With respect to transcription, the number of outputs of the pronunciation model is the total count of known words within a language, and the output of the language model is theoretically every possible combination of multiple words. The input into the model is also far more complex than the simple example above. Below is a Mel Spectrogram of some speech which is a visual representation of the digital data from the acoustic pre-processing. The x-axis is time, the y-axis sound frequency and colour (z-axis) represents decibels (dB).
If you would like to learn more about neural networks, this YouTube video by 3Brown1Blue4 is an excellent resource.

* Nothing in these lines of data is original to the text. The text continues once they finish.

(* Let $R$ be a commutative ring of characteristic zero and $P \subseteq R$ a subsemiring (i.e. $P + P \subseteq P$, $PP \subseteq P$, $0, 1 \in P$). Suppose that there is $v \in P$ such that for every $a \in R$ there is $p \in \mathbb{N}[X]$ with $p(v) - a \in P$. Then for every $a \in R$, the following are equivalent: (1) $f(a) \geq 0$ for every ring homomorphism $f : R \to \mathbb{R}$ with $f(P) \subseteq \mathbb{R}_+$. (2) For every $r \in \mathbb{R}_+$ and $\varepsilon > 0$, there exist a polynomial $q \in \mathbb{N}[X]$, an element $w \in P$ and $n \in \mathbb{N}_{>0}$ such that $q(r) \leq \varepsilon n$ and $(1 + w)\,(n\,a + q(v)) \in P$.
   Context: $\mathbb{N}_{>0}$ denotes the positive integers; $q(v)$ denotes evaluation of $q$ at $v$ in $R$ and $q(r)$ evaluation at the real number $r$. *)

From HB Require Import structures.
From mathcomp Require Import all_boot all_order all_algebra.
From mathcomp Require Export reals.
Set Implicit Arguments. Unset Strict Implicit. Unset Printing Implicit Defensive.
Import Order.TTheory GRing.Theory Num.Theory.
Local Open Scope ring_scope.

(* A polynomial in N[X] is represented by its coefficient list
   (p = [:: c_0; c_1; ...; c_d] means c_0 + c_1 X + ... + c_d X^d, c_i : nat).
   [neval p x] is its evaluation at x in any (commutative) semiring S,
   coefficients embedded via n%:R. *)
Definition neval (S : pzSemiRingType) (p : seq nat) (x : S) : S :=
  \sum_(i < size p) (nth 0%N p i)%:R * x ^+ i.

From HB Require Import structures.
From mathcomp Require Import all_boot all_order all_algebra.
From mathcomp Require Import reals.
From mathcomp Require Import boolp classical_sets.
From mathcomp Require Import ring lra.
Set Implicit Arguments.
Unset Strict Implicit.
Unset Printing Implicit Defensive.
Import Order.TTheory GRing.Theory Num.Theory.
Local Open Scope ring_scope.
(* Let $F$ be a field of characteristic zero and let $Q$ be a finite quiver with vertex set $Q_0=\{1,\dots,n\}$ such that the path algebra $FQ$ is a PI algebra. Let $\pi$ be an arbitrary set of paths in $Q$, let $FQ_\pi$ be the subalgebra of $FQ$ generated by $\pi$, and let \[A_\pi=\{A\in M_n(F)\mid A_{i,j}=0 \text{ whenever there is no path in } \tilde{\pi} \text{ from } i \text{ to } j\},\] where $\tilde\pi$ is the set of all paths of $Q$ that are (nonzero) products of elements of $\pi$. Then $\mathrm{Id}(FQ_\pi)=\mathrm{Id}(A_\pi)$.
   Context: A path of length $\ell$ in $Q$ is a concatenation of $\ell$ composable arrows; $s(p)$ and $t(p)$ denote the starting and terminal vertices of a path $p$; for each vertex $i$ there is a length-zero path $e_i$ with $s(e_i)=t(e_i)=i$. The path algebra $FQ$ is the $F$-vector space with basis all paths of $Q$, with product of paths $p,q$ equal to the concatenation $pq$ if $t(p)=s(q)$ and $0$ otherwise. For a set $\pi$ of paths, $FQ_\pi$ is the (not necessarily unital) subalgebra of $FQ$ generated by $\pi$, i.e. the linear span of $\tilde\pi$. $M_n(F)$ is the algebra of $n\times n$ matrices over $F$; equivalently $A_\pi$ is the linear span of the elementary matrices $e_{s(p)t(p)}$, $p\in\tilde\pi$. For an $F$-algebra $A$, $\mathrm{Id}(A)$ denotes the T-ideal of the free associative algebra $F\langle X\rangle$ on countably many variables consisting of all polynomial identities satisfied by $A$; $A$ is PI if $\mathrm{Id}(A)\neq\{0\}$. *)

From HB Require Import structures.
From mathcomp Require Import all_boot all_order all_algebra.
Set Implicit Arguments. Unset Strict Implicit. Unset Printing Implicit Defensive.
Import GRing.Theory.
Local Open Scope ring_scope.
(* The four distinct columns [cols] carry nonzero entries in four distinct rows,
   all of which must be among the three rows [ord_pred a], [a], [ordS a]. *)
Lemma adjacent_pair_absurd : False.
Proof.
have [s gs] := unitmx_perm_support g_unit.
have cols_uniq : uniq cols.
  rewrite /= !inE !negb_or !(inj_eq (@ordS_inj n)) !(eq_sym j).
  by rewrite (ordS3_neq n_gt3) (ordS2_neq n_gt3) (ordS_neq n_gt3).
have rows_uniq : uniq (map (s^-1)%g cols) by rewrite map_inj_uniq //; apply: perm_inj.
suff /uniq_leq_size : {subset map (s^-1)%g cols <= [:: ord_pred a; a; ordS a]}.
  by move/(_ rows_uniq); rewrite size_map.
move=> _ /mapP[c c_cols ->]; set r := (s^-1)%g c.
have grc : g r c != 0 by have := gs r; rewrite permKV.
have [->|ra] := eqVneq r a; first by rewrite !inE eqxx orbT.
have [ar|] := boolP (cycle_adj a r).
  by move: ar; rewrite cycle_adjE !inE => /orP[]->; rewrite ?orbT.
by move/(nonadj_row_vanishes ra)/(_ c c_cols)/eqP; rewrite (negbTE grc).
Qed.

End AdjacentPair.

Lemma cycle_monomial : exists s : 'S_n,
  (forall r, g r (s r) != 0) /\ (forall r c, c != s r -> g r c = 0).
Proof.
have [s gs] := unitmx_perm_support g_unit; exists s; split => // r c cs.
apply/eqP; apply: contraT => grc; exfalso.
have : cycle_adj (s r) c.
  apply: contraT => nadj; have sc : s r != c by rewrite eq_sym.
  by have /eqP := g_row r sc nadj; rewrite mulf_eq0 (negbTE (gs r)) (negbTE grc).
rewrite cycle_adjE => /orP[]/eqP ce.
  by apply: (@adjacent_pair_absurd r (ord_pred (s r))); rewrite ord_predK ?gs // -ce.
by apply: (@adjacent_pair_absurd r (ord_pred c)); rewrite ord_predK // ce ord_predK.
Qed.

End CycleMonomial.

Section GraphQuantumSpace.
Variables (k : fieldType) (n : nat) (e : rel 'I_n).
Hypothesis eC : forall i j, e i j = e j i.
(* Let f be an Italian dominating function of G o H and F x the weight that f
   puts on the copy of H at x.  A zero of f on that copy is dominated by the
   weight of the neighbouring copies plus that of f inside the copy; as the
   hypotheses on gamma(H), gamma_2(H) and gamma_I(H) bound from below the weight
   of a function on H dominating in the corresponding sense, the column sums F
   satisfy the (2, w1, w2)-domination conditions, except that F may exceed 2,
   the surplus then acting as neighbourhood weight.  Such relaxed functions are
   trimmed to values in {0, 1, 2} without increasing the weight, moving weight
   onto one neighbour when the neighbourhood is too light, so
   gamma_w(G) <= gamma_I(G o H).  Conversely, a minimum w-dominating function g
   of G is spread over each copy of H as a point mass, or over a 2-element
   (1- or 2-)dominating set of H when g x = 2, which yields an Italian
   dominating function of G o H of the same weight. *)

Section NatBigops.
Variable I : finType.
Implicit Types (P Q : pred I) (F : I -> nat).

Lemma leq_sum_subpred P Q F :
  subpred P Q -> \sum_(i | P i) F i <= \sum_(i | Q i) F i.
Proof. exact: (sub_le_big leqnn (fun m n => leq_addr n m)). Qed.

Lemma leq_term_sum P F i : P i -> F i <= \sum_(j | P j) F j.
Proof. by move=> Pi; rewrite (bigD1 i Pi) leq_addr. Qed.

Lemma leq_term_sumT F i : F i <= \sum_j F j.
Proof. exact: leq_term_sum. Qed.

Lemma sum_pointmass (a : I) n : \sum_i (if i == a then n else 0) = n.
Proof. by rewrite (bigD1 a) //= eqxx big1 ?addn0 // => i /negbTE ->. Qed.

Lemma sum_indicator (S : {set I}) : \sum_i (i \in S : nat) = #|S|.
Proof. by rewrite -sum1_card [RHS]big_mkcond; apply: eq_bigr => i _; case: (i \in S). Qed.

Lemma bigmin_le P F s i : P i -> \big[minn/s]_(j | P j) F j <= F i.
Proof.
move=> Pi; rewrite unlock; elim: (index_enum I) (mem_index_enum i) => //= j r IHr.
rewrite inE => /predU1P[<-|ir]; first by rewrite Pi /= geq_minl.
by case: (P j); rewrite /= ?geq_min IHr ?orbT.
Qed.

Lemma leq_bigmin P F s n :
  n <= s -> (forall i, P i -> n <= F i) -> n <= \big[minn/s]_(j | P j) F j.
Proof. by move=> ns nF; elim/big_ind: _ => // x y; rewrite leq_min => -> ->. Qed.

Lemma bigmin_attained P F s i0 :
  P i0 -> F i0 <= s -> exists2 i, P i & \big[minn/s]_(j | P j) F j = F i.
Proof.
move=> Pi0 Fi0s.
pose K m := m = s \/ exists2 i, P i & m = F i.
have : K (\big[minn/s]_(j | P j) F j).
  apply: big_ind => [|x y Kx Ky|i Pi]; [by left | | by right; exists i].
  by rewrite /minn; case: ltnP.
case=> [min_s|[i Pi ->]]; last by exists i.
by exists i0 => //; apply/eqP; rewrite eqn_leq bigmin_le // min_s Fi0s.
Qed.

Lemma sum_split2 F x y : y != x ->
  \sum_i F i = F x + F y + \sum_(i | (i != x) && (i != y)) F i.
Proof. by move=> yx; rewrite (bigD1 x) // (bigD1 y) //= addnA. Qed.

Lemma card_support_le_sum F : #|[set i | 0 < F i]| <= \sum_i F i.
Proof.
rewrite -sum1_card (@leq_trans (\sum_(i in [set i | 0 < F i]) F i)) //.
  by apply: leq_sum => i; rewrite inE.
exact: leq_sum_subpred.
Qed.

End NatBigops.

Lemma pair_sum (I J : finType) (h : I * J -> nat) :
  \sum_p h p = \sum_i \sum_j h (i, j).
Proof. by rewrite pair_bigA; apply: eq_bigr => -[]. Qed.

Definition nsum (T : finType) (e : rel T) (h : T -> nat) (v : T) : nat :=
  \sum_(u | e v u) h u.
(* In any Poisson $H$-pseudoalgebra $V$ the right Leibniz rule holds: $[ab*c]=a[b*c]+(-1)^{p(a)p(b)}b[a*c]$ for all $a,b,c\in V$.
   Context: $H$ is a cocommutative Hopf algebra over a field $\mathbb F$ of characteristic $0$ (purely even), coproduct $\Delta(h)=h_{(1)}\otimes h_{(2)}$, antipode $S$, $h_{(1)}\otimes h_{(-2)}:=(\mathrm{id}\otimes S)\Delta(h)$, iterated coproduct $h_{(1)}\otimes h_{(2)}\otimes h_{(3)}$. $H^{\otimes r}$ is a right $H$-module via $(h_1\otimes\dots\otimes h_r)h=h_1h_{(1)}\otimes\dots\otimes h_rh_{(r)}$ and $H^{\otimes r}\otimes_H L$ the corresponding tensor product. A Lie $H$-pseudoalgebra is a vector superspace $L$ (parity $p$) with a left $H$-module structure and an even linear map $L\otimes L\to(H\otimes H)\otimes_HL$, $a\otimes b\mapsto[a*b]$, such that for $a,b,c\in L$, $f,g\in H$, $\sigma=(12)$: $[fa*gb]=((f\otimes g)\otimes_H1)[a*b]$; $[b*a]=-(-1)^{p(a)p(b)}(\sigma\otimes_H\mathrm{id})[a*b]$; and $[a*[b*c]]-(-1)^{p(a)p(b)}((\sigma\otimes\mathrm{id})\otimes_H\mathrm{id})[b*[a*c]]=[[a*b]*c]$ in $H^{\otimes3}\otimes_HL$, where, if $[a*b]=\sum_i(f_i\otimes g_i)\otimes_He_i$ and $[e_i*c]=\sum_j(f_{ij}\otimes g_{ij})\otimes_He_{ij}$, then $[[a*b]*c]=\sum_{i,j}(f_if_{ij(1)}\otimes g_if_{ij(2)}\otimes g_{ij})\otimes_He_{ij}$, and if $[b*c]=\sum_i(h_i\otimes l_i)\otimes_Hd_i$, $[a*d_i]=\sum_j(h_{ij}\otimes l_{ij})\otimes_Hd_{ij}$, then $[a*[b*c]]=\sum_{i,j}(h_{ij}\otimes h_il_{ij(1)}\otimes l_il_{ij(2)})\otimes_Hd_{ij}$. A Poisson $H$-pseudoalgebra is a Lie $H$-pseudoalgebra $V$ with an even supercommutative associative product $V\otimes V\to V$ such that $h(ab)=(h_{(1)}a)(h_{(2)}b)$ and $[a*bc]=[a*b]c+(-1)^{p(b)p(c)}[a*c]b$, where for $[a*b]=\sum_i(f_i\otimes g_i)\otimes_He_i$ one sets $[a*b]c:=\sum_i(f_i\otimes g_{i(1)})\otimes_He_i(g_{i(-2)}c)$ (well defined). Similarly, for $[b*c]=\sum_i(h_i\otimes l_i)\otimes_Hd_i$, $a[b*c]:=\sum_i(h_{i(1)}\otimes l_i)\otimes_H(h_{i(-2)}a)d_i$. *)

From HB Require Import structures.
From mathcomp Require Import all_boot all_order all_algebra.
From Stdlib Require List.
Set Implicit Arguments. Unset Strict Implicit. Unset Printing Implicit Defensive.
Import GRing.Theory.
Local Open Scope ring_scope.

The connections within neural networks become exponentially larger with increased nodes and layers. I previously mentioned that the connections between nodes in a neural network are weighted. It is not feasible to manually determine and set these values for a network of any size. Further, the number of layers can be very large too and what each layer actually represents can be difficult to specify, even if the end results are accurate. Machine learning is the process of “teaching” a model to set it’s own weightings and identify what layers and relationships are effective at narrowing in on a correct output. By providing inputs where the correct output is known, machine learning algorithms programmatically find the optimum set of weights to apply to each connection to better deliver correct results for the supplied data sets. Data used for this purpose is called “training data”. For transcription, this would be audio that has already been transcribed, most likely by a person.
Training data needs to be representative of the use case for the model. A model trained using English will have different weights to one trained with French. Similarly, the language used in a dental consultation differs greatly from conversational English with increased use of medical and latin terminology. Further, these words are likely some of the most important in your consultation and need to be accurately identified for transcription to be of any value.
ASR technology has come a huge way since the 1950’s when Bell Laboratories managed to isolate numbers from speech. The recent developments into machine learning and AI are making very rapid progress and the increasing adoption of transcription services across many domains will further fuel these developments. I believe that in the not too distant future, automatic speech recognition will make automated transcription accurate enough for our field. At DAN, we are technology agnostic allowing us to adopt alternative technology providers if proven to be more effective and beneficial for the task at hand. ASR is the gateway stage of many AI pipelines. Once a computer can analyse text, there are a huge host of potential applications to unlock new value for patients and dental health care practitioners. We continue to keep an interest in the development of this field.